TASK ITEM – Return each line of the data below unchanged, please.

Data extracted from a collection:
Lemma sat_maxK K v : sat V v X (maxK phi psi D K) <-> max_set V X phi psi D K.
Proof.
rewrite [sat _ _ _ _]/= sat_good sat_BigAnd_map; apply: and_iff_compat_l.
split=> [H L KL [u Xu [nKu Lu]] /(sat_good L v) gL | H L _].
- have /sat_Imp nL := H L (In_enumT L); apply: (nL^~ gL); apply/sat_strict_entailment.
  split=> [z Xz /sat_info Kz | ]; first by apply/sat_info; apply: KL.
  by exists u => //; split; [move/sat_info | apply/sat_info].
- apply/sat_Imp => /sat_strict_entailment[KL [u Xu [nKu Lu]]] /(sat_good L v).
  apply: H => [z [Xz Kz] | ]; first by apply/sat_info/KL => //; apply/(sat_info _ _ X).
  by exists u => //; split=> [/(sat_info _ _ X) // | ]; apply/(sat_info _ _ X).
Qed.

Lemma sat_info_box_dias K b C v :
  sat V v X (And (Box (Imp (info phi psi K) b))
                 (BigAnd [seq Dia (And (info phi psi K) g) | g <- C])) <->
  box_dias_hold V X b C (info_state V X phi psi K).
Proof.
rewrite sat_relative_box_dias; split=> -[Kb KC]; split.
- by move=> u [Xu /(sat_info _ _ X) Ku]; apply: Kb.
- by move=> c /KC[u Xu [/sat_info Ku cu]]; exists u.
- by move=> u Xu /sat_info Ku; apply: Kb.
- by move=> c /KC[u [Xu Ku] cu]; exists u => //; split=> //; apply/sat_info.
Qed.

Lemma sat_state Sj v : sat V v X (state alpha Sj) <->
  (forall s, s \in Sj -> sat V v X (alpha s)) /\
  (forall s, s \in ~: Sj -> ~ sat V v X (alpha s)).
Proof.
rewrite [sat _ _ _ _]/= !sat_BigAnd_map.
by split=> -[SA SnA]; split=> s sS; [apply: SA | apply: SnA | apply: SA | apply: SnA];
  apply/In_enum.
Qed.

Lemma sat_state_cases K v :
  sat V v X (BigAnd [seq Imp (state alpha Sj)
     (BigOr [seq And (Box (Imp (info phi psi K) (beta s)))
                     (BigAnd [seq Dia (And (info phi psi K) g) | g <- E s]) | s <- enum Sj])
     | Sj <- enum {set J}]) <->
  nf_holds V X alpha beta E (info_state V X phi psi K) v.
Proof.
rewrite sat_BigAnd_map /nf_holds -exists_in_truth_set.
split=> H Sj; [move=> SA SnA | move=> _; apply/sat_Imp => /sat_state[SA SnA]].
- have /sat_Imp/(_ (proj2 (sat_state Sj v) (conj SA SnA))) := H Sj (In_enumT Sj).
  by case/sat_BigOr_map => s /In_enum Ss /sat_info_box_dias; exists s.
- have [s Ss /sat_info_box_dias Ks] := H Sj SA SnA.
  by apply/sat_BigOr_map; exists s => //; apply/In_enum.
Qed.

Lemma sat_lambda_star v : sat V v X (lambda_star phi psi D alpha beta E) <->
  forall K, max_set V X phi psi D K ->
  forall u, info_state V X phi psi K u ->
    nf_holds V X alpha beta E (info_state V X phi psi K) u.
Proof.
rewrite sat_BigAnd_map; split=> [H K maxK u [Xu Ku] | H K _].
- have /sat_Imp/(_ (proj2 (sat_maxK K v) maxK))/sat_Box_Imp/(_ u Xu) := H K (In_enumT K).
  by move/(_ (proj2 (sat_info K u X) Ku))/sat_state_cases.
- apply/sat_Imp => /sat_maxK maxK; apply/sat_Box_Imp => u Xu /sat_info Ku.
  by apply/sat_state_cases; apply: H.
Qed.

Hypotheses (HD : forall i, Forall nonmodal (D i)) (HE : forall j, Forall nonmodal (E j)).
Hypotheses (Halpha : forall j, nonmodal (alpha j)) (Hbeta : forall j, nonmodal (beta j)).

Lemma sat_lambda v : sat V v X (lambda phi psi D alpha beta E) <->
  forall Y, maximal_substate (theta_state V X phi psi D) X Y ->
  forall u, Y u -> nf_holds V X alpha beta E Y u.
Proof.
have thetaE Y u := sat_nf V X Y u Hphi Hpsi HD.
have omegaE Y u := sat_nf V X Y u Halpha Hbeta HE.
have theta_sat Y : theta_state V X phi psi D Y <->
    forall u, Y u -> sat V u Y (Theta phi psi D).
  by split=> thY u /thY /thetaE.
rewrite /lambda (sat_Cond v X _ theta_sat).
by split=> H Y maxY u Yu; apply/omegaE; apply: H.
Qed.

End Translation.

Theorem proposition14 (I J : finType)
  (phi psi : I -> form) (D : I -> seq form)
  (alpha beta : J -> form) (E : J -> seq form)
  (Hphi : forall i, nonmodal (phi i)) (Hpsi : forall i, nonmodal (psi i))
  (HD : forall i, Forall nonmodal (D i))
  (Halpha : forall j, nonmodal (alpha j)) (Hbeta : forall j, nonmodal (beta j))
  (HE : forall j, Forall nonmodal (E j))
  (W : Type) (V : nat -> W -> Prop) (w : W) (X : W -> Prop) :
  sat V w X (lambda phi psi D alpha beta E) <->
  sat V w X (lambda_star phi psi D alpha beta E).
Proof.
rewrite sat_lambda // sat_lambda_star //.
split=> [lam K maxK u Ku | star Y maxY u Yu].
- exact: lam (max_set_maximal maxK) u Ku.
- have [YK maxK] := maximal_theta_state maxY.
  apply: nf_holds_ext (star _ maxK u (proj1 (YK u) Yu)) => z.
  exact: iff_sym (YK z).
Qed.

OUTPUT OF THE EXERCISE –
Lemma sat_maxK K v : sat V v X (maxK phi psi D K) <-> max_set V X phi psi D K.
Proof.
rewrite [sat _ _ _ _]/= sat_good sat_BigAnd_map; apply: and_iff_compat_l.
split=> [H L KL [u Xu [nKu Lu]] /(sat_good L v) gL | H L _].
- have /sat_Imp nL := H L (In_enumT L); apply: (nL^~ gL); apply/sat_strict_entailment.
  split=> [z Xz /sat_info Kz | ]; first by apply/sat_info; apply: KL.
  by exists u => //; split; [move/sat_info | apply/sat_info].
- apply/sat_Imp => /sat_strict_entailment[KL [u Xu [nKu Lu]]] /(sat_good L v).
  apply: H => [z [Xz Kz] | ]; first by apply/sat_info/KL => //; apply/(sat_info _ _ X).
  by exists u => //; split=> [/(sat_info _ _ X) // | ]; apply/(sat_info _ _ X).
Qed.

Lemma sat_info_box_dias K b C v :
  sat V v X (And (Box (Imp (info phi psi K) b))
                 (BigAnd [seq Dia (And (info phi psi K) g) | g <- C])) <->
  box_dias_hold V X b C (info_state V X phi psi K).
Proof.
rewrite sat_relative_box_dias; split=> -[Kb KC]; split.
- by move=> u [Xu /(sat_info _ _ X) Ku]; apply: Kb.
- by move=> c /KC[u Xu [/sat_info Ku cu]]; exists u.
- by move=> u Xu /sat_info Ku; apply: Kb.
- by move=> c /KC[u [Xu Ku] cu]; exists u => //; split=> //; apply/sat_info.
Qed.

Lemma sat_state Sj v : sat V v X (state alpha Sj) <->
  (forall s, s \in Sj -> sat V v X (alpha s)) /\
  (forall s, s \in ~: Sj -> ~ sat V v X (alpha s)).
Proof.
rewrite [sat _ _ _ _]/= !sat_BigAnd_map.
by split=> -[SA SnA]; split=> s sS; [apply: SA | apply: SnA | apply: SA | apply: SnA];
  apply/In_enum.
Qed.

Lemma sat_state_cases K v :
  sat V v X (BigAnd [seq Imp (state alpha Sj)
     (BigOr [seq And (Box (Imp (info phi psi K) (beta s)))
                     (BigAnd [seq Dia (And (info phi psi K) g) | g <- E s]) | s <- enum Sj])
     | Sj <- enum {set J}]) <->
  nf_holds V X alpha beta E (info_state V X phi psi K) v.
Proof.
rewrite sat_BigAnd_map /nf_holds -exists_in_truth_set.
split=> H Sj; [move=> SA SnA | move=> _; apply/sat_Imp => /sat_state[SA SnA]].
- have /sat_Imp/(_ (proj2 (sat_state Sj v) (conj SA SnA))) := H Sj (In_enumT Sj).
  by case/sat_BigOr_map => s /In_enum Ss /sat_info_box_dias; exists s.
- have [s Ss /sat_info_box_dias Ks] := H Sj SA SnA.
  by apply/sat_BigOr_map; exists s => //; apply/In_enum.
Qed.

Lemma sat_lambda_star v : sat V v X (lambda_star phi psi D alpha beta E) <->
  forall K, max_set V X phi psi D K ->
  forall u, info_state V X phi psi K u ->
    nf_holds V X alpha beta E (info_state V X phi psi K) u.
Proof.
rewrite sat_BigAnd_map; split=> [H K maxK u [Xu Ku] | H K _].
- have /sat_Imp/(_ (proj2 (sat_maxK K v) maxK))/sat_Box_Imp/(_ u Xu) := H K (In_enumT K).
  by move/(_ (proj2 (sat_info K u X) Ku))/sat_state_cases.
- apply/sat_Imp => /sat_maxK maxK; apply/sat_Box_Imp => u Xu /sat_info Ku.
  by apply/sat_state_cases; apply: H.
Qed.

Hypotheses (HD : forall i, Forall nonmodal (D i)) (HE : forall j, Forall nonmodal (E j)).
Hypotheses (Halpha : forall j, nonmodal (alpha j)) (Hbeta : forall j, nonmodal (beta j)).

Lemma sat_lambda v : sat V v X (lambda phi psi D alpha beta E) <->
  forall Y, maximal_substate (theta_state V X phi psi D) X Y ->
  forall u, Y u -> nf_holds V X alpha beta E Y u.
Proof.
have thetaE Y u := sat_nf V X Y u Hphi Hpsi HD.
have omegaE Y u := sat_nf V X Y u Halpha Hbeta HE.
have theta_sat Y : theta_state V X phi psi D Y <->
    forall u, Y u -> sat V u Y (Theta phi psi D).
  by split=> thY u /thY /thetaE.
rewrite /lambda (sat_Cond v X _ theta_sat).
by split=> H Y maxY u Yu; apply/omegaE; apply: H.
Qed.

End Translation.

Theorem proposition14 (I J : finType)
  (phi psi : I -> form) (D : I -> seq form)
  (alpha beta : J -> form) (E : J -> seq form)
  (Hphi : forall i, nonmodal (phi i)) (Hpsi : forall i, nonmodal (psi i))
  (HD : forall i, Forall nonmodal (D i))
  (Halpha : forall j, nonmodal (alpha j)) (Hbeta : forall j, nonmodal (beta j))
  (HE : forall j, Forall nonmodal (E j))
  (W : Type) (V : nat -> W -> Prop) (w : W) (X : W -> Prop) :
  sat V w X (lambda phi psi D alpha beta E) <->
  sat V w X (lambda_star phi psi D alpha beta E).
Proof.
rewrite sat_lambda // sat_lambda_star //.
split=> [lam K maxK u Ku | star Y maxY u Yu].
- exact: lam (max_set_maximal maxK) u Ku.
- have [YK maxK] := maximal_theta_state maxY.
  apply: nf_holds_ext (star _ maxK u (proj1 (YK u) Yu)) => z.
  exact: iff_sym (YK z).
Qed.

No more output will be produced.